The TV was on, a talk show. The voice with the curtain around it rose and fell.
I heard the elevator. I looked out the door but I couldn’t see anything. I looked at the birthday card. She was younger than me but she was on a different clock. She looked smaller—not just like she’d lost weight but like she was diminishing in some other way. Dwindling to a kind of essence.
The voice behind the curtain sang.
IT has a shoulder. It has a root. It has a bow and a blade. A throat.
There are three dimensions: the depths, the spacing, the profile. Hold one and aim it at yourself so you are looking dead at the tip. This is its profile.
I learned this on the first day. Yusuf taught me this.
The machine is a motor with a blade. The blade is a small wheel. The carriage moves up and down, side to side. Two clamps are attached to the carriage, so that to move one is to move the other the same way. Do you see it?
The shop was open half a day on Saturdays. Ibrahim asked if I would come in. I didn’t have to, so I said I would.

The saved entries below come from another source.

(* Let $\mathbb{F}_q$ be any finite field, $S\subseteq\mathbb{F}_q\setminus\{0\}$ any symmetric set, $G=\Gamma(\mathbb{F}_q,S)$, and $\overline{G}=\Gamma(\mathbb{F}_q,\overline S)$ its complement, where $\overline S=(\mathbb{F}_q\setminus\{0\})\setminus S$. Define $\rho_{\mathrm{lin}}(G)=q^{1-\frac{|S|}{q-1}}$ and $\rho_{\mathrm{lin}}(\overline G)=q^{1-\frac{|\overline S|}{q-1}}$. Then exactly one of the following holds: (a) $\rho_{\mathrm{lin}}(G)=\vartheta(G)$ and $\rho_{\mathrm{lin}}(\overline{G})=\vartheta(\overline{G})$; (b) for one of the graphs $H\in\{G,\overline G\}$, $\rho_{\mathrm{lin}}(H)<\vartheta(H)$.
   Context: For a symmetric set $S\subseteq\mathbb{F}_q\setminus\{0\}$ ($S=-S$), the Cayley graph $\Gamma(\mathbb{F}_q,S)$ has vertex set $\mathbb{F}_q$, with $u\sim v$ iff $u-v\in S$. $\vartheta(\cdot)$ denotes the Lovász theta function of a graph. The quantity $\rho_{\mathrm{lin}}(\Gamma(\mathbb{F}_q,S))=q^{1-|S|/(q-1)}$ is an upper bound on the linear Shannon capacity $\Theta_{\mathrm{lin}}(\Gamma(\mathbb{F}_q,S))=\sup_k\alpha_{\mathrm{lin}}(G^k)^{1/k}$, where $\alpha_{\mathrm{lin}}(G^k)$ is the largest size of an independent set in the $k$-fold strong product $G^k$ that is a linear subspace of $\mathbb{F}_q^k$. *)

From HB Require Import structures.
From mathcomp Require Import all_boot all_order all_algebra all_field.
From mathcomp Require Import boolp classical_sets reals exp.
Set Implicit Arguments. Unset Strict Implicit. Unset Printing Implicit Defensive.
Import Order.TTheory GRing.Theory Num.Theory.
Local Open Scope ring_scope.
Local Open Scope classical_set_scope.

Definition psd_sym (R : realType) (V : finType) (B : V -> V -> R) : Prop :=
  (forall u v, B u v = B v u) /\
  (forall x : V -> R, 0 <= \sum_(u : V) \sum_(v : V) x u * B u v * x v).

Definition theta_feasible (R : realType) (V : finType) (adj : rel V)
    (B : V -> V -> R) : Prop :=
  [/\ psd_sym B, \sum_(v : V) B v v = 1 &
      forall u v, u != v -> adj u v -> B u v = 0].

Definition lovasz_theta (R : realType) (V : finType) (adj : rel V) : R :=
  sup [set t : R | exists B : V -> V -> R,
         theta_feasible adj B /\ t = \sum_(u : V) \sum_(v : V) B u v].

Definition cayley (F : finFieldType) (S : {set F}) : rel F :=
  fun u v => (u - v) \in S.

Definition compl_conn (F : finFieldType) (S : {set F}) : {set F} :=
  [set x : F | (x != 0) && (x \notin S)].

Definition rho_lin (R : realType) (F : finFieldType) (S : {set F}) : R :=
  powR (#|F|%:R) (1 - #|S|%:R / (#|F| - 1)%:R).

From HB Require Import structures.
From mathcomp Require Import all_boot all_order all_algebra all_field.
From mathcomp Require Import boolp classical_sets reals exp.
From mathcomp Require Import ring lra.
Import Order.TTheory GRing.Theory Num.Theory.
Local Open Scope ring_scope.
Set Implicit Arguments. Unset Strict Implicit. Unset Printing Implicit Defensive.

(* For G = Cayley(F_q, S) and its complement Gbar = Cayley(F_q, Sbar) the
   exponents of rho_lin(G) = q^(1 - |S|/(q-1)) and rho_lin(Gbar) add up to 1,
   so rho_lin(G) rho_lin(Gbar) = q, whereas Lovasz's product inequality gives
   theta(G) theta(Gbar) >= q.  Hence rho_lin cannot be >= theta on both graphs
   with one inequality strict: either both are equalities, or rho_lin < theta
   on one of the graphs, and these two cases exclude each other.

   The substance is the product inequality theta(G) theta(G') >= n (when the
   edges of G' are non-edges of G), derived from the primal definition of
   theta. *)

Section Matrices.
Variables (R : realType) (V : finType).
Implicit Types (B : V -> V -> R) (x y : V -> R).
Local Notation n := (#|V|%:R : R).

Lemma sum_const (c : R) : \sum_(v : V) c = c * n.
Proof. by rewrite sumr_const mulr_natr. Qed.

Definition dsum (f : V -> V -> R) : R := \sum_(u : V) \sum_(v : V) f u v.

Lemma dsum_lin (f g h : V -> V -> R) (a b : R) :
  (forall u v, f u v = a * g u v + b * h u v) -> dsum f = a * dsum g + b * dsum h.
Proof.
move=> E; rewrite /dsum !mulr_sumr -big_split; apply: eq_bigr => u _.
by rewrite !mulr_sumr -big_split; apply: eq_bigr => v _; rewrite E.
Qed.

Lemma dsum_lin3 (f g h k : V -> V -> R) (a b c : R) :
  (forall u v, f u v = a * g u v + b * h u v + c * k u v) ->
  dsum f = a * dsum g + b * dsum h + c * dsum k.
Proof.
move=> E; rewrite /dsum !mulr_sumr -!big_split; apply: eq_bigr => u _.
by rewrite !mulr_sumr -!big_split; apply: eq_bigr => v _; rewrite E.
Qed.

Lemma dsum_scale (f g : V -> V -> R) (a : R) :
  (forall u v, f u v = a * g u v) -> dsum f = a * dsum g.
Proof. by move=> E; rewrite (@dsum_lin _ g g a 0) ?mul0r ?addr0 // => u v; rewrite E mul0r addr0. Qed.

Lemma ler_dsum (f g : V -> V -> R) : (forall u v, f u v <= g u v) -> dsum f <= dsum g.
Proof. by move=> fg; apply: ler_sum => u _; apply: ler_sum => v _; exact: fg. Qed.

Lemma dsum_ge_entry (f : V -> V -> R) u v :
  (forall a b, 0 <= f a b) -> f u v <= dsum f.
Proof.
move=> f0; rewrite /dsum (bigD1 u) //= (bigD1 v) //= -addrA lerDl.
by apply: addr_ge0; apply: sumr_ge0 => a _ //; apply: sumr_ge0.
Qed.

Lemma dsum_prod x y : dsum (fun u v => x u * y v) = (\sum_u x u) * \sum_v y v.
Proof. by rewrite /dsum mulr_suml; apply: eq_bigr => u _; rewrite mulr_sumr. Qed.

Lemma dsum_const (c : R) : dsum (fun _ _ => c) = c * n ^+ 2.
Proof.
rewrite (@dsum_scale _ (fun _ _ => 1 * 1) c); last by move=> u v; rewrite !mulr1.
by rewrite dsum_prod !sum_const mul1r expr2.
Qed.

Lemma dsum_avg x : dsum (fun u v => (x u + x v) / 2) = n * \sum_v x v.
Proof.
rewrite (@dsum_lin _ (fun u v => x u * 1) (fun u v => 1 * x v) 2^-1 2^-1); last first.
  by move=> u v; ring.
by rewrite !dsum_prod !sum_const; field.
Qed.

Put the blank in one clamp, the original in the other. To move the carriage is to start the cutter. To push the original against the point of the guide, drag it across the bittings, is to move the blank against the blade exactly the same way. You’ve stood there on the other side of the counter, but you haven’t seen it.
You know how it sounds.
Yusuf would do it in two quick motions, left to right, right to left, barely looking, or just looking at me. As nearly as I could tell they were perfect copies.
“One hundred procent,” he said.
Put each one on a ring of its own.
“How you want to be pay?” Ibrahim asked me. “Every one week or every two?”
I would need my first check by the end of the week to cover the rent. It would be just enough.
People brought in keys and they brought in locks and bought new ones and came for the ones they’d left to be serviced. Sometimes what they came for had been there for weeks and still wasn’t ready. Or wasn’t there. This is how you knew they needed somebody.
A white-haired woman brought in a suitcase as old as she was. She didn’t have the key. She didn’t say if it was hers or if she’d found it, but she wanted to see if it was going to change her life. How much to open it while she waited?
“Half of what’s inside,” Ibrahim told her.
“Ain’t no days like that,” she said.
One ninety-nine for a car key. Two ninety-nine if it was double-sided. Two forty-nine for a color key or one with a rubber bow. Always ask if they want their name on the receipt. Sometimes I heard two different prices for the same thing and this is how you knew.
The board had numbers on top, letters on the side, but you could still get lost. Ibrahim wanted it all fed into the computer so the computer could tell you where to look. He sat behind the counter with the suitcase on his lap, using two slender tools. Held the tip of one steady in the lock. The other he maneuvered delicately, relaxed and patient so you couldn’t see the hurry he was always in.